[Extracted data entries]
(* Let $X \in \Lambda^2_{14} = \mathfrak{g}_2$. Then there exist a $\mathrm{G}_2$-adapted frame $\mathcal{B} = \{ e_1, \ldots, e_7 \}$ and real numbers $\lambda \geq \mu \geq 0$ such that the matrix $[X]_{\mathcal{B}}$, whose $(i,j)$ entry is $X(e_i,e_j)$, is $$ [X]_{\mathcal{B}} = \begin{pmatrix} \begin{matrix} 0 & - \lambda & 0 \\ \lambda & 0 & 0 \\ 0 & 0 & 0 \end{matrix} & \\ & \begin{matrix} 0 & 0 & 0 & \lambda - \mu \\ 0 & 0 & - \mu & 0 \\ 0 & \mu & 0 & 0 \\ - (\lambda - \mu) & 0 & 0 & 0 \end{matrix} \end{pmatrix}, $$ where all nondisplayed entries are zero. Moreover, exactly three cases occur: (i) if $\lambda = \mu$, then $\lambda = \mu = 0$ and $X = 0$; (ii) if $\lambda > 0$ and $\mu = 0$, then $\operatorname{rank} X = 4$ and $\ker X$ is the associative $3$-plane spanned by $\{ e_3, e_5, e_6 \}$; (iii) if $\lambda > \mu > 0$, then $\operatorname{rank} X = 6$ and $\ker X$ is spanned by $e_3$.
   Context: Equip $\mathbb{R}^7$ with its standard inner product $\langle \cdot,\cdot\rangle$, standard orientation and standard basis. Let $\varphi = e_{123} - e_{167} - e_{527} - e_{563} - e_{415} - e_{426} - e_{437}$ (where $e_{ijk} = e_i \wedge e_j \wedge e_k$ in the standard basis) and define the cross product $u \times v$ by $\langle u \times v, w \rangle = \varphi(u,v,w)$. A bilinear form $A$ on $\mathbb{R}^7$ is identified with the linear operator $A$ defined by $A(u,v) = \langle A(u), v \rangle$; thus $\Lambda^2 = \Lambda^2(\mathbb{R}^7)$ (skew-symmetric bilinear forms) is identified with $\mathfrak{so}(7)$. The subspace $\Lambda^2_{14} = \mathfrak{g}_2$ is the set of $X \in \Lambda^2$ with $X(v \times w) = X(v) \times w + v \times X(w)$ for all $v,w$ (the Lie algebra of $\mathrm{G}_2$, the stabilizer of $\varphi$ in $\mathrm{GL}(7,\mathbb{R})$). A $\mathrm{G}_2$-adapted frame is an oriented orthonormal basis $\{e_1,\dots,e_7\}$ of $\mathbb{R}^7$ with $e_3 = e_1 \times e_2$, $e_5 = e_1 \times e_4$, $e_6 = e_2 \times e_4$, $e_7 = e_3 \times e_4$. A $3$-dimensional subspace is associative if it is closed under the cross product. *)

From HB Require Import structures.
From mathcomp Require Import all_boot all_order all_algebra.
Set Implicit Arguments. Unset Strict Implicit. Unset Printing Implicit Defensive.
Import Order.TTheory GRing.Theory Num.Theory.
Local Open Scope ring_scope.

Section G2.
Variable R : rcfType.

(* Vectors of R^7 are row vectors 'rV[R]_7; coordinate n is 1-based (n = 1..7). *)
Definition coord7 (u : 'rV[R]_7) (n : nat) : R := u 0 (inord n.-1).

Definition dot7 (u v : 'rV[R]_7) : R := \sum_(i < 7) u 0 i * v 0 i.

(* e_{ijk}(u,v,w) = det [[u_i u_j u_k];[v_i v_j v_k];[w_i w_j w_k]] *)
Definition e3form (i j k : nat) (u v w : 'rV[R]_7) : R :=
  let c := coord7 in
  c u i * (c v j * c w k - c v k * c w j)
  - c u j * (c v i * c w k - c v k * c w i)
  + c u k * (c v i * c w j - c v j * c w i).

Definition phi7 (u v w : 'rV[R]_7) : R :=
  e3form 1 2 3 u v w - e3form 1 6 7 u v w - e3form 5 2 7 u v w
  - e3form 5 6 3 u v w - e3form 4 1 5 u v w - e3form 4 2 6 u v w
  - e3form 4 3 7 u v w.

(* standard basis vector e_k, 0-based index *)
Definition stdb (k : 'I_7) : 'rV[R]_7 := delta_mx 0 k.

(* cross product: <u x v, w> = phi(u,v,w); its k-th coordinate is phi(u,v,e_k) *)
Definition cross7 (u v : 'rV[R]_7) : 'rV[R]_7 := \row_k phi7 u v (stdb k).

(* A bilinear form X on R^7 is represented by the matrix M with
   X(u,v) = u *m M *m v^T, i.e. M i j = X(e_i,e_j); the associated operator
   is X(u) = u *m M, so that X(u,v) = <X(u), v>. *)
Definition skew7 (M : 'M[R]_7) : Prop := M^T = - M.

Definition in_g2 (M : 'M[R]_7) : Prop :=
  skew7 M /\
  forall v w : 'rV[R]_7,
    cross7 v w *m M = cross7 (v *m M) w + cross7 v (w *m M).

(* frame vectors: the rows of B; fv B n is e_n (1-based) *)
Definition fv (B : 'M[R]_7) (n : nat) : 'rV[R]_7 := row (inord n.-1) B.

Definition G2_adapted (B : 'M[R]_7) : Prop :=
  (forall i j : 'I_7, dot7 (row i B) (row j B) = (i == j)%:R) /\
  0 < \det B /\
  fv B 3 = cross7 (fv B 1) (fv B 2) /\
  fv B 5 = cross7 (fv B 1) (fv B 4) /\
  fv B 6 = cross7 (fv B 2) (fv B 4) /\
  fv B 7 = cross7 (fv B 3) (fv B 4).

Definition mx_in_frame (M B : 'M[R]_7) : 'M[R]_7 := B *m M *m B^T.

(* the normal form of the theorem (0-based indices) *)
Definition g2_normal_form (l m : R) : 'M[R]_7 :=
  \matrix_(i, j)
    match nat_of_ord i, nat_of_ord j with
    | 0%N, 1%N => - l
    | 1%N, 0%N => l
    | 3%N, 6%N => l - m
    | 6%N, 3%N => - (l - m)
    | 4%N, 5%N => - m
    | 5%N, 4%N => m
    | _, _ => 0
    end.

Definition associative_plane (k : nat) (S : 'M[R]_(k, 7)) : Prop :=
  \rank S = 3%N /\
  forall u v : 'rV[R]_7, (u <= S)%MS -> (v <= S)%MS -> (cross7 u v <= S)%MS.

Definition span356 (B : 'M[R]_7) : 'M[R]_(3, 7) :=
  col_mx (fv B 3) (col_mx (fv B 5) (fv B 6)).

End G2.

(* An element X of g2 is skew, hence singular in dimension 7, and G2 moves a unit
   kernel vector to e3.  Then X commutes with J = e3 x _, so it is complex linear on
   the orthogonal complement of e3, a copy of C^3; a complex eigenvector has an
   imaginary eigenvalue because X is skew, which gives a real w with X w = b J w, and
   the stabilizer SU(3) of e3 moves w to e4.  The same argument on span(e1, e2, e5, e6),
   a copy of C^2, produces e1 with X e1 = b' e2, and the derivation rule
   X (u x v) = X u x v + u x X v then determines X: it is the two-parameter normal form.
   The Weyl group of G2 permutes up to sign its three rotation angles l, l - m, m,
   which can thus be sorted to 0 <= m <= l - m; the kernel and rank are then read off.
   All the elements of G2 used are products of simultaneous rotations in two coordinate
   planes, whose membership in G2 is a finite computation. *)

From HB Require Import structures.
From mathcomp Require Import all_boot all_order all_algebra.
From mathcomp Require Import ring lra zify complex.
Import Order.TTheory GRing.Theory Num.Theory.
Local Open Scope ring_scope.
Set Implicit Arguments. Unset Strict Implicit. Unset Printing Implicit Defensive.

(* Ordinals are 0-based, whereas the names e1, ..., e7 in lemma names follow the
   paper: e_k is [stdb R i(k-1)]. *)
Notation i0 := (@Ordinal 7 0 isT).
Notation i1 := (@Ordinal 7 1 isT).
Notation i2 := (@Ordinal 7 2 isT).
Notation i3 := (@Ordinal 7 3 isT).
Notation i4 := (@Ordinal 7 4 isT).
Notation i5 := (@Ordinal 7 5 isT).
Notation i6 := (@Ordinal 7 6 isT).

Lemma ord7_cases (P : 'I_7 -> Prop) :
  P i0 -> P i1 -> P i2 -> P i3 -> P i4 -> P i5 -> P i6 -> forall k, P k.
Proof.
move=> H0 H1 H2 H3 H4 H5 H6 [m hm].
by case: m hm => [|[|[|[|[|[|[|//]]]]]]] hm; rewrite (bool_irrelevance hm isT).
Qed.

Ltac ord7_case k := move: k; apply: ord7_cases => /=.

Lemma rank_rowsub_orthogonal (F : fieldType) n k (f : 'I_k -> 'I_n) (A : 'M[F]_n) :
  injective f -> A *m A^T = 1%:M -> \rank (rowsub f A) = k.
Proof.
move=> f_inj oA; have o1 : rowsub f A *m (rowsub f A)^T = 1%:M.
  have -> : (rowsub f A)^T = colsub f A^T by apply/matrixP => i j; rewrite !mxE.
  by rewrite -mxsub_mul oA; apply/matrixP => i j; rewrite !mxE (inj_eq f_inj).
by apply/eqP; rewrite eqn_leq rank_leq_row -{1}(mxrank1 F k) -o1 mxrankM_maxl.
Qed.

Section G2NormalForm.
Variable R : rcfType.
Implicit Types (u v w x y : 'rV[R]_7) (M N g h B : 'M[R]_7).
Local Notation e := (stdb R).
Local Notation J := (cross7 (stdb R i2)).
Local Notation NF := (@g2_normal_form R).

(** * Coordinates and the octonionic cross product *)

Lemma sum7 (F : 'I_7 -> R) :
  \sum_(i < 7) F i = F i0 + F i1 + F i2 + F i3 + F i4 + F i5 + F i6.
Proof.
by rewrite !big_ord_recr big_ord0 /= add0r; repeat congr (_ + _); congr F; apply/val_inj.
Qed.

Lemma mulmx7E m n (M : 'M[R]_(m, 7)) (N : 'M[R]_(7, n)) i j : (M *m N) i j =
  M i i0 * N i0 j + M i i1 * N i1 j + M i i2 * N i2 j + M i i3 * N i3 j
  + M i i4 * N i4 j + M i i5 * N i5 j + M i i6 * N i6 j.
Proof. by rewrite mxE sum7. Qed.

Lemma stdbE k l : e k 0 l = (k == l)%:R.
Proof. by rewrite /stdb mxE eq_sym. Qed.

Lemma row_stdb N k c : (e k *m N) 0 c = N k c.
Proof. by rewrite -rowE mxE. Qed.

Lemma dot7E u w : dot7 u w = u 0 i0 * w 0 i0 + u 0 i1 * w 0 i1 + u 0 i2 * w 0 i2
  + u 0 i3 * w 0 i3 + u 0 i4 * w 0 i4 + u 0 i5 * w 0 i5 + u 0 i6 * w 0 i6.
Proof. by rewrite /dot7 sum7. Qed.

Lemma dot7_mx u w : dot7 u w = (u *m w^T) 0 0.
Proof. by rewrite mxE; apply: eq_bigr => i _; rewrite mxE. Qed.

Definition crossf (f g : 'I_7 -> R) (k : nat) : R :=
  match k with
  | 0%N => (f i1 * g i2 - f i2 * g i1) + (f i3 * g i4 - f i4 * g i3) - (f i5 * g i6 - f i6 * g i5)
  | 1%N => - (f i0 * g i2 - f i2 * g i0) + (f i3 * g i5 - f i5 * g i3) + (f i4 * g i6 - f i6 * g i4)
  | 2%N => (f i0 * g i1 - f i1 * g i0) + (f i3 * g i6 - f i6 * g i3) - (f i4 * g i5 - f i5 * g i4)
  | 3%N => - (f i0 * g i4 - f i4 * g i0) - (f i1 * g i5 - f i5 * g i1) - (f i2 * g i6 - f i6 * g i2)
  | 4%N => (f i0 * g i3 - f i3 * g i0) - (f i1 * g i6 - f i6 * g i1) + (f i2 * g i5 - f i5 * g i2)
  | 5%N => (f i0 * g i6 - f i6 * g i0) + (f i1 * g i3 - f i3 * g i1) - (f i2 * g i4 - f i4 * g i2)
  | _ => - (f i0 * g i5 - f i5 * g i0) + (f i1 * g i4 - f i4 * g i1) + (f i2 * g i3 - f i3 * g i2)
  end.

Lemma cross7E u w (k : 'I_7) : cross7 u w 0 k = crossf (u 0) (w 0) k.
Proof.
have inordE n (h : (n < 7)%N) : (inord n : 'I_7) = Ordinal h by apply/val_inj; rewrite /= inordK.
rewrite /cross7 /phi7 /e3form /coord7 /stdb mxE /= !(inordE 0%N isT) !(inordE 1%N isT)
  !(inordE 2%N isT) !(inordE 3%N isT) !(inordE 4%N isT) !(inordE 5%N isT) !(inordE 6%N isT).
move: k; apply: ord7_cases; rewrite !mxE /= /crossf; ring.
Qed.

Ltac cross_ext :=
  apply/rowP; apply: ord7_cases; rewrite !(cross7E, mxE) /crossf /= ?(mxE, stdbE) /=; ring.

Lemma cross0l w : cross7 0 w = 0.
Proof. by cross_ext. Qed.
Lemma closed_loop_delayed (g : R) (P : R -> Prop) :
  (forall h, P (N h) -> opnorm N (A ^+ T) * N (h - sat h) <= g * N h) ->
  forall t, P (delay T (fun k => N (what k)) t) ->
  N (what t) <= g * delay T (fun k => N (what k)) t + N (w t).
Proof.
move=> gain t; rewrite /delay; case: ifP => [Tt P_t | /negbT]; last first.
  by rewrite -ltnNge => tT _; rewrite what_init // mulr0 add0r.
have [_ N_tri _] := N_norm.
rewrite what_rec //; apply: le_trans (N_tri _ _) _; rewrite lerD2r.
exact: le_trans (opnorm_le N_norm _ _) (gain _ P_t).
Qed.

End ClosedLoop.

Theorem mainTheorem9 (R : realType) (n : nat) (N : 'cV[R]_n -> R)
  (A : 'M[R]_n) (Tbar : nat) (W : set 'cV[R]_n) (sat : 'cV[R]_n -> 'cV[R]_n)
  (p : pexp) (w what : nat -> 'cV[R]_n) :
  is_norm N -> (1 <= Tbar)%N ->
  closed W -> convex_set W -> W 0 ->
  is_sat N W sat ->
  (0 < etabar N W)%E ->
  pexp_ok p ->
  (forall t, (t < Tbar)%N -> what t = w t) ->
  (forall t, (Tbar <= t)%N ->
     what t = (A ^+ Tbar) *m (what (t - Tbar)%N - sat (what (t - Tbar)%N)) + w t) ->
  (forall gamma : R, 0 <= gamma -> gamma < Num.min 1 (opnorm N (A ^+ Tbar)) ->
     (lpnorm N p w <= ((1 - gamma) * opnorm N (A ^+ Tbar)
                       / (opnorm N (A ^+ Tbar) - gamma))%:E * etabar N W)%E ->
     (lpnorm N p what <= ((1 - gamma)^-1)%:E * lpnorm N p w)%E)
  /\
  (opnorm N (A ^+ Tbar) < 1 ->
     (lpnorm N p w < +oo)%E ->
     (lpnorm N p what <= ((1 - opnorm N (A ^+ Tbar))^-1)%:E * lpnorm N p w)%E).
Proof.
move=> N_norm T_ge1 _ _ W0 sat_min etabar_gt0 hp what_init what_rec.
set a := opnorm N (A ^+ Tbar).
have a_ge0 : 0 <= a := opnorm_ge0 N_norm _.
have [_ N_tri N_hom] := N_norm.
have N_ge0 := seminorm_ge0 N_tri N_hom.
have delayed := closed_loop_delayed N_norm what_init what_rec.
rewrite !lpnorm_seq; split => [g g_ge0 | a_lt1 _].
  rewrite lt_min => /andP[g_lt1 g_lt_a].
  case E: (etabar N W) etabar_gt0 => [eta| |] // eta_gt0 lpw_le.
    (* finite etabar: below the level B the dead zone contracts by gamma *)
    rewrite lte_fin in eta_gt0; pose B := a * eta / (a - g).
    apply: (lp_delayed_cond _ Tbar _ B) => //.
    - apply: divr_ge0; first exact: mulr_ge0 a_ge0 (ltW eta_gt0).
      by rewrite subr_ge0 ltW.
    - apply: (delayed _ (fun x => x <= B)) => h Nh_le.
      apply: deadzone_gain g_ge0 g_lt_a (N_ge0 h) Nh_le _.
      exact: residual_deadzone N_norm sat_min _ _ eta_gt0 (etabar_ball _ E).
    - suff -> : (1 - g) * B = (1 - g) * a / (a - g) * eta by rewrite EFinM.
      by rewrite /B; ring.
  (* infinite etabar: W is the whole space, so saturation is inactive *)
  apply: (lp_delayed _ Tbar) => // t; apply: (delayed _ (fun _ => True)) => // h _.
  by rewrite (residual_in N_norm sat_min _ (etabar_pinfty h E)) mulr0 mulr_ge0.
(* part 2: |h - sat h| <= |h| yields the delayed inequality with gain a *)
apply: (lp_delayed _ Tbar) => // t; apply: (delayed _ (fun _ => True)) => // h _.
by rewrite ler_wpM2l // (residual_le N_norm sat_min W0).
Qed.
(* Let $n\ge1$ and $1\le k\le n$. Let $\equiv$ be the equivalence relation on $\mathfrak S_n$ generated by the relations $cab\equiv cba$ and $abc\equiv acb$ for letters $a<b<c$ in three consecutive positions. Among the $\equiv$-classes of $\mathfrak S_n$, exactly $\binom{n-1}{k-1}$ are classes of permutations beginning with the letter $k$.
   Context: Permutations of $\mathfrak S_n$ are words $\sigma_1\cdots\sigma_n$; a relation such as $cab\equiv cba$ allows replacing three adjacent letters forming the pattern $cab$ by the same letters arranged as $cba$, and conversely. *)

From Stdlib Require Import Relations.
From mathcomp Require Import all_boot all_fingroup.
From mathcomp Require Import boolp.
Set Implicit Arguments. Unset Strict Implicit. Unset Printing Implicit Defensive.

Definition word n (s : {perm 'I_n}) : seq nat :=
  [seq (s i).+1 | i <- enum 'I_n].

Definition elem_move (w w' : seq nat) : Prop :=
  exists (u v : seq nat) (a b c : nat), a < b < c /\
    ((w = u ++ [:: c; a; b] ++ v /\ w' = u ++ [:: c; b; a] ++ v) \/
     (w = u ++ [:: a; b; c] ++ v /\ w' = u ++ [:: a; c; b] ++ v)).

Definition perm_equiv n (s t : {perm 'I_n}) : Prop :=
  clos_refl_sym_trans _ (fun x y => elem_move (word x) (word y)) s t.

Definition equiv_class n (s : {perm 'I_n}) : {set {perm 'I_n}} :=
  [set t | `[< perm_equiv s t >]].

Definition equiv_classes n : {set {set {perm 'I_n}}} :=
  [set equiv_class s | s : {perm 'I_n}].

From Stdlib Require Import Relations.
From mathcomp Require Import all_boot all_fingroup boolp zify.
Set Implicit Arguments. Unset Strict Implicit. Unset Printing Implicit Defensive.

◆ **Task description**: Copy each line in the entries above where the word "vectors" shows up.

◆ **Expected answer**:
(* Vectors of R^7 are row vectors 'rV[R]_7; coordinate n is 1-based (n = 1..7). *)
(* frame vectors: the rows of B; fv B n is e_n (1-based) *)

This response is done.